3 ème à l’Ecotrail d’Oslo !

 

Ou comment le trail devient un sport de vitesse où les ravitaillements comptent et la moindre erreur se paie cash !

 

En excellente condition, j’espérais bien pouvoir tirer mon épingle du jeu sur cet Ecotrail d’Oslo, même si c’est seul que je devais y aller en raison de l’absence de Sissi, partie tourner un film sur et avec Dawa Sherpa (Emotion trail). Je suis cependant bien et j’ai envie de bien faire même si les deux épouvantails du jour (Didrick Hernansen, vainqueur de l’UTWT il y a deux ans et Transgrancanaria, Lavaredo… et Jarle Risa, vainqueur le l’Ultravasan 2016) sont au départ et sur leurs terres.

D’entrée de jeu c’est Didrick qui met le feu aux poudres et nous nous détachons tous les deux en prenant rapidement quelques longueurs sur Jarle et plus loin le reste du peloton.

L’allure est très rapide et je reste dans la foulée de Didrick sur les 15 premiers kilomètres roulants avec quelques talus quand même.

Nous arrivons en moins d’une heure au premier ravitaillement du 15ème kilomètre. Nous n’avons pas perdu de temps !

Didrick fait un ravitaillement express made by his family tandis que je prends un peu de temps pour remplir et boire…. Je reviens dans la bosse qui suit sur Didrick qui grimpe un peu moins vite et en haut de la bosse c’est finalement Jarle qui nous revient également dessus.

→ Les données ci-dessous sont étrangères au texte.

(* Let $G,H\in\mathcal{C}_{n,m}$ and suppose $W_G(x,y)-W_H(x,y)=(1-xy)P(x,y)$ for some nonnegative polynomial $P$. Then $N_i^{(k)}(H)\le N_i^{(k)}(G)$ for every $i\in\{0,1,\ldots,m\}$ and every $k\in\{1,2,\ldots,n\}$.
   Context: $\mathcal{C}_{n,m}$ denotes the set of all connected simple graphs on $n$ vertices and $m$ edges. For a graph $G$ with vertex set $V$, $\kappa(G)$ is its number of connected components, $r(G)=|V|-\kappa(G)$, $c(G)=|E(G)|-|V|+\kappa(G)$. $\mathcal{S}(G)$ is the set of all spanning subgraphs of $G$. The Whitney polynomial is $W_G(x,y)=\sum_{H\in\mathcal{S}(G)}x^{r(G)-r(H)}y^{c(H)}$. A bivariate polynomial is nonnegative if all its coefficients (in the monomial basis $x^iy^j$) are nonnegative real numbers. For $i\in\{0,\ldots,m\}$ and $k\in\{1,\ldots,n\}$, $N_i^{(k)}(G)$ is the number of spanning subgraphs of $G$ having exactly $i$ edges and at most $k$ connected components. *)

From mathcomp Require Import all_boot all_order all_algebra.
Set Implicit Arguments. Unset Strict Implicit. Unset Printing Implicit Defensive.
Import GRing.Theory Num.Theory.

(* A simple graph on vertex set 'I_n is given by its edge set: a set of
   2-element subsets of 'I_n.  A spanning subgraph is a subset of the edge set. *)

Definition simple_edges n (E : {set {set 'I_n}}) : bool :=
  [forall e in E, #|e| == 2].

Definition adj n (S : {set {set 'I_n}}) : rel 'I_n :=
  fun x y => [set x; y] \in S.

Definition kappa n (S : {set {set 'I_n}}) : nat :=
  n_comp (connect (adj S)) 'I_n.

(* rank r = |V| - kappa ;  nullity c = |E| - |V| + kappa (always >= 0) *)
Definition rk n (S : {set {set 'I_n}}) : nat := n - kappa S.
Definition nul n (S : {set {set 'I_n}}) : nat := #|S| + kappa S - n.

Definition inC n m (E : {set {set 'I_n}}) : Prop :=
  simple_edges E /\ #|E| = m /\ kappa E = 1%N.

(* Whitney polynomial in {poly {poly R}}: outer variable x, inner variable y.
   The monomial x^a y^b is (('X^b)%:P) * 'X^a. *)
Definition whitney (R : nzRingType) n (E : {set {set 'I_n}}) : {poly {poly R}} :=
  (\sum_(S in powerset E) (('X^(nul S) : {poly R})%:P * 'X^(rk E - rk S)))%R.

Definition nonneg_poly2 (R : numDomainType) (P : {poly {poly R}}) : Prop :=
  forall i j : nat, (0 <= (P`_i)`_j)%R.

Definition Nik n (E : {set {set 'I_n}}) (i k : nat) : nat :=
  #|[set S in powerset E | (#|S| == i) && (kappa S <= k)]|.

(* Apply to both sides of W_G - W_H = (1 - xy) P the linear functional L that
   sums the coefficients of x^a y^b over a < k on the diagonal b - a = i + 1 - n.
   A spanning subgraph S of a connected graph contributes the monomial
   x^(kappa S - 1) y^(|S| + kappa S - n), which lies on that diagonal exactly
   when |S| = i, and below a = k exactly when kappa S <= k; hence
   L(W_G) - L(W_H) = N_i^(k)(G) - N_i^(k)(H).  Multiplication by xy moves one
   step along the diagonal, so L((1 - xy) P) telescopes to a single coefficient
   of P, which is nonnegative.  The graph theory needed is only
   1 <= kappa S <= n and n <= |S| + kappa S, the latter because adding an edge
   merges at most two components. *)

From mathcomp Require Import all_boot all_order all_algebra zify.
Import GRing.Theory Num.Theory.

Set Implicit Arguments.
Unset Strict Implicit.
Unset Printing Implicit Defensive.

Section ComponentCount.
Variable T : finType.
Implicit Types (S : {set {set T}}) (u v x y : T).

Definition edge_rel S : rel T := fun x y => [set x; y] \in S.

Definition ncomp S : nat := n_comp (connect (edge_rel S)) T.

Lemma edge_rel_sym S : symmetric (edge_rel S).
Proof. by move=> x y; rewrite /edge_rel setUC. Qed.

Lemma connect_edge_sym S : connect_sym (edge_rel S).
Proof. exact/sym_connect_sym/edge_rel_sym. Qed.

Lemma ncompE S : ncomp S = #|roots (edge_rel S)|.
Proof.
rewrite /ncomp (@eq_n_comp _ _ (edge_rel S)); last first.
  by move=> x y; apply/idP/idP; [apply: connect_sub | apply: connect1].
by apply: eq_card => x; rewrite !inE andbT.
Qed.

Lemma eq_ncomp S S' : edge_rel S =2 edge_rel S' -> ncomp S = ncomp S'.
Proof. by move=> eqSS'; rewrite !ncompE; apply/eq_card/eq_roots. Qed.

Lemma ncomp_set0 : ncomp set0 = #|T|.
Proof.
rewrite ncompE; apply: eq_card => x; rewrite !inE /roots /=.
have /connectP[[|z p] /= + ->] := connect_root (edge_rel set0) x; first by rewrite eqxx.
by rewrite {1}/edge_rel inE.
Qed.

Lemma ncomp_gt0 S : 0 < #|T| -> 0 < ncomp S.
Proof.
case/card_gt0P=> x _; rewrite ncompE; apply/card_gt0P.
by exists (fingraph.root (edge_rel S) x); rewrite inE; apply/roots_root/connect_edge_sym.
Qed.

Lemma ncomp_le_card S : ncomp S <= #|T|.
Proof. by rewrite ncompE max_card. Qed.

Section AddEdge.
Variables (S : {set {set T}}) (u v : T).
Local Notation c := (connect (edge_rel S)).
Local Notation near x := (c x u || c x v).

Lemma connect_setU_edge x y : connect (edge_rel ([set u; v] |: S)) x y ->
  c x y || near x && near y.
Proof.
have near_c z w : c z w -> near w -> near z.
  by move=> czw /orP[] cw; rewrite (connect_trans czw cw) ?orbT.
have near_uv z : z \in [set u; v] -> near z.
  by rewrite !inE => /orP[] /eqP->; rewrite connect0 ?orbT.
case/connectP=> p + -> {y}; elim: p x => [|z p IHp] x /=; first by rewrite connect0.
case/andP=> + /IHp; rewrite {1}/edge_rel in_setU1 => /orP[/eqP exz | xz].
  have nx : near x by apply: near_uv; rewrite -exz !inE eqxx.
  have nz : near z by apply: near_uv; rewrite -exz !inE eqxx orbT.
  case/orP=> [czl | /andP[_ ->]]; last by rewrite nx orbT.
  have nl : near (last z p) by apply: (near_c _ z); rewrite // connect_edge_sym.
  by rewrite nx nl orbT.
have cxz : c x z by apply: connect1.
case/orP=> [czl | /andP[nz ->]]; first by rewrite (connect_trans cxz czl).
by rewrite (near_c _ _ cxz nz) orbT.
Qed.

Lemma ncomp_setU_edge : ncomp S <= ncomp ([set u; v] |: S) + 1.
Proof.
set S' := [set u; v] |: S; rewrite !ncompE.
have roots_connect_eq r1 r2 : roots (edge_rel S) r1 -> roots (edge_rel S) r2 ->
    c r1 r2 -> r1 = r2.
  move=> /eqP r1E /eqP r2E; rewrite -(root_connect (@connect_edge_sym S)).
  by rewrite r1E r2E => /eqP.
set A := [set r in roots (edge_rel S)] :\ fingraph.root (edge_rel S) v.
have cardA : #|roots (edge_rel S)| <= #|A| + 1.
  by rewrite -cardsE (cardsD1 (fingraph.root (edge_rel S) v)) addnC leq_add2l leq_b1.
have A_u r : r \in A -> near r -> c r u.
  rewrite !inE => /andP[rv /eqP rE] /orP[] // crv; case/eqP: rv.
  by apply/eqP; rewrite -{1}rE root_connect //; apply: connect_edge_sym.
have inj : {in A &, injective (fingraph.root (edge_rel S'))}.
  move=> r1 r2 A1 A2 /eqP; rewrite root_connect; last exact: connect_edge_sym.
  have R1 : roots (edge_rel S) r1 by move: A1; rewrite !inE => /andP[].
  have R2 : roots (edge_rel S) r2 by move: A2; rewrite !inE => /andP[].
  case/connect_setU_edge/orP=> [|/andP[n1 n2]]; first exact: roots_connect_eq.
  apply: roots_connect_eq => //; apply: connect_trans (A_u _ A1 n1) _.
  by rewrite connect_edge_sym A_u.
have : fingraph.root (edge_rel S') @: A \subset [set r in roots (edge_rel S')].
  by apply/subsetP => _ /imsetP[r _ ->]; rewrite inE; apply/roots_root/connect_edge_sym.
move/subset_leq_card; rewrite card_in_imset // cardsE => leA.
exact: leq_trans cardA (leq_add leA (leqnn 1)).
Qed.

End AddEdge.

Lemma card_le_edges_ncomp S : #|T| <= #|S| + ncomp S.
Proof.
have [m le] := ubnP #|S|; elim: m S le => // m IHm S.
have [-> _|[e eS]] := set_0Vmem S; first by rewrite ncomp_set0 cards0.
rewrite (cardsD1 e S) eS ltnS => /IHm le_De.
suff : ncomp (S :\ e) <= ncomp S + 1 by lia.
have [/existsP[u /existsP[w /eqP eE]] | not_edge] :=
  boolP [exists u, exists w, e == [set u; w]].
  have SE : S = [set u; w] |: (S :\ e) by rewrite -eE setD1K.
  by rewrite {2}SE ncomp_setU_edge.
(* A set that is empty or has at least three elements is invisible to
   [edge_rel], so no simplicity hypothesis on [S] is needed. *)
rewrite (@eq_ncomp (S :\ e) S) ?leq_addr // => x y.
rewrite /edge_rel in_setD1 andb_idl // => _; apply: contraNneq not_edge => <-.
by apply/existsP; exists x; apply/existsP; exists y.
Qed.

End ComponentCount.

Section DiagonalCoefficientSums.
Variable R : nzRingType.
Local Open Scope ring_scope.
Implicit Types (P Q : {poly {poly R}}) (p q k : nat).

Definition diag_coef_sum p q k Q : R :=
  \sum_(0 <= a < k) (if (q <= a + p)%N then Q`_a`_(a + p - q) else 0).

Lemma diag_coef_sumB p q k Q1 Q2 :
  diag_coef_sum p q k (Q1 - Q2) = diag_coef_sum p q k Q1 - diag_coef_sum p q k Q2.
Proof.
rewrite -sumrB; apply: eq_bigr => a _.
by case: ifP; rewrite ?subr0 // => _; rewrite !coefB.
Qed.

Lemma diag_coef_sum_sum p q k (I : finType) (A : {pred I}) (F : I -> {poly {poly R}}) :
  diag_coef_sum p q k (\sum_(i in A) F i) = \sum_(i in A) diag_coef_sum p q k (F i).
Proof.
rewrite exchange_big; apply: eq_bigr => a _.
by case: ifP => _; [rewrite !coef_sum | rewrite big1].
Qed.

Lemma diag_coef_sum_monomial p q k a b :
  diag_coef_sum p q k (('X^b)%:P * 'X^a) = ((a < k)%N && (b + q == a + p)%N)%:R.
Proof.
have term a' : (if (q <= a' + p)%N then (('X^b)%:P * 'X^a)`_a'`_(a' + p - q) else 0)
    = if a' == a then ((b + q == a' + p)%N)%:R else 0 :> R.
  rewrite coefCM coefXn; case: eqP => [->|_]; last by rewrite mulr0 coef0 if_same.
  rewrite mulr1 coefXn; case: leqP => h; first by congr (_%:R); apply/eqP/eqP; lia.
  by rewrite (_ : (b + q == a + p)%N = false) //; apply/eqP; lia.
rewrite /diag_coef_sum (eq_bigr _ (fun a' _ => term a')) -big_mkcond big_nat1_eq.
by case: ltnP.
Qed.

Lemma coefXYM P a b :
  ('X%:P * 'X * P)`_a`_b = if (a == 0)%N || (b == 0)%N then 0 else P`_a.-1`_b.-1.
Proof.
rewrite -mulrA coefCM coefXM; case: (a == 0)%N => /=; first by rewrite mulr0 coef0.
by rewrite coefXM.
Qed.

Lemma diag_coef_sum_XY_telescope p q k P :
  diag_coef_sum p q k.+1 ((1 - 'X%:P * 'X) * P) =
    if (q <= k + p)%N then P`_k`_(k + p - q) else 0.
Proof.
pose g a := if a is a'.+1 then (if (q <= a' + p)%N then P`_a'`_(a' + p - q) else 0) else 0.
rewrite /diag_coef_sum (@telescope_sumr_eq _ 0 k.+1 g) // ?subr0 // => a _.
rewrite mulrBl mul1r /g; case: a => [|a] /=.
  by rewrite subr0; case: ifP => // _; rewrite !coefB coefXYM eqxx subr0.
case: (leqP q (a.+1 + p)) => [le_q_Sa | lt_Sa_q]; last first.
  by rewrite ifF ?subrr //; apply/negbTE; rewrite -ltnNge; lia.
rewrite !coefB coefXYM /=; case: (leqP q (a + p)) => [le_q_a | lt_a_q].
  by rewrite ifF; [congr (_ - P`_a`__); lia | apply/eqP; lia].
by rewrite ifT ?subr0 //; apply/eqP; lia.
Qed.
End DiagonalCoefficientSums.

Lemma sumr_indicator_card (R : nzSemiRingType) (T : finType) (A : {pred T})
    (b : pred T) :
  (\sum_(x in A) (b x)%:R = #|[set x in A | b x]|%:R :> R)%R.
Proof.
rewrite -sum1dep_card natr_sum big_mkcondr /=.
by apply: eq_bigr => x _; case: (b x).
Qed.

Section WhitneyDiagonal.
Variable R : nzRingType.
Variable n : nat.
Implicit Types (E S : {set {set 'I_n}}).

Lemma diag_coef_sum_whitney p q k E : diag_coef_sum p q k (whitney R E) =
  (#|[set S in powerset E | ((rk E - rk S < k) && (nul S + q == rk E - rk S + p))%N]|%:R)%R.
Proof.
rewrite diag_coef_sum_sum.
under eq_bigr do rewrite diag_coef_sum_monomial.
exact: sumr_indicator_card.
Qed.

(* [kappa S] is [ncomp S] for [T := 'I_n], by conversion. *)
Lemma kappa_bounds S : 0 < n -> [/\ 0 < kappa S, kappa S <= n & n <= #|S| + kappa S].
Proof.
move=> n_gt0; have := card_le_edges_ncomp S; rewrite card_ord => le_n.
split=> //; first by apply: ncomp_gt0; rewrite card_ord.
by rewrite -{2}(card_ord n); apply: ncomp_le_card.
Qed.

Lemma diag_coef_sum_whitney_connected i k E : kappa E = 1 ->
  diag_coef_sum i.+1 n k (whitney R E) = (Nik E i k)%:R%R.
Proof.
move=> kE; have n_gt0 : 0 < n by rewrite -kE -{2}(card_ord n) ncomp_le_card.
rewrite diag_coef_sum_whitney /Nik; congr (_%:R)%R; apply: eq_card => S.
rewrite !inE; congr (_ && _).
have [k_gt0 k_le_n n_le] := kappa_bounds S n_gt0.
rewrite /rk /nul kE; apply/andP/andP => -[h1 /eqP h2]; split; try apply/eqP; lia.
Qed.

End WhitneyDiagonal.

Theorem mainTheorem3 (R : realFieldType) (n m : nat) (G H : {set {set 'I_n}}) :
  inC m G -> inC m H ->
  (exists P : {poly {poly R}}, nonneg_poly2 P /\
     (whitney R G - whitney R H = (1 - ('X%:P * 'X)) * P)%R) ->
  forall i k : nat, (i <= m)%N -> (1 <= k <= n)%N -> (Nik H i k <= Nik G i k)%N.
Proof.
move=> [_ [_ kG]] [_ [_ kH]] [P [P_ge0 WGH]] i [|k] _ // _.
rewrite -(ler_nat R) -subr_ge0.
rewrite -(diag_coef_sum_whitney_connected R i _ kG) -(diag_coef_sum_whitney_connected R i _ kH).
by rewrite -diag_coef_sumB WGH diag_coef_sum_XY_telescope; case: ifP.
Qed.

La descente qui suit est très technique, spongieuse et rocailleuse et je chute très lourdement avant une série de « planches » qui sont là pour passer au dessus des zones marécageuses (c’est très courant dans les pays nordiques). Je prends beaucoup moins de risques et débourse pas mal de temps dans les kilomètres qui suivent et qui ressemblent à un vrai champ de ruine de terre, de tourbes et de terrains spongieux rempli de racine. Un cocktail qui ne me réussit pas ! Je garde bien mon rythme mais perd du temps par manque d’agilité, je le sens. A la sortie de ce terrain difficile, j’ai perdu entre deux et trois minutes sur les deux norvégiens.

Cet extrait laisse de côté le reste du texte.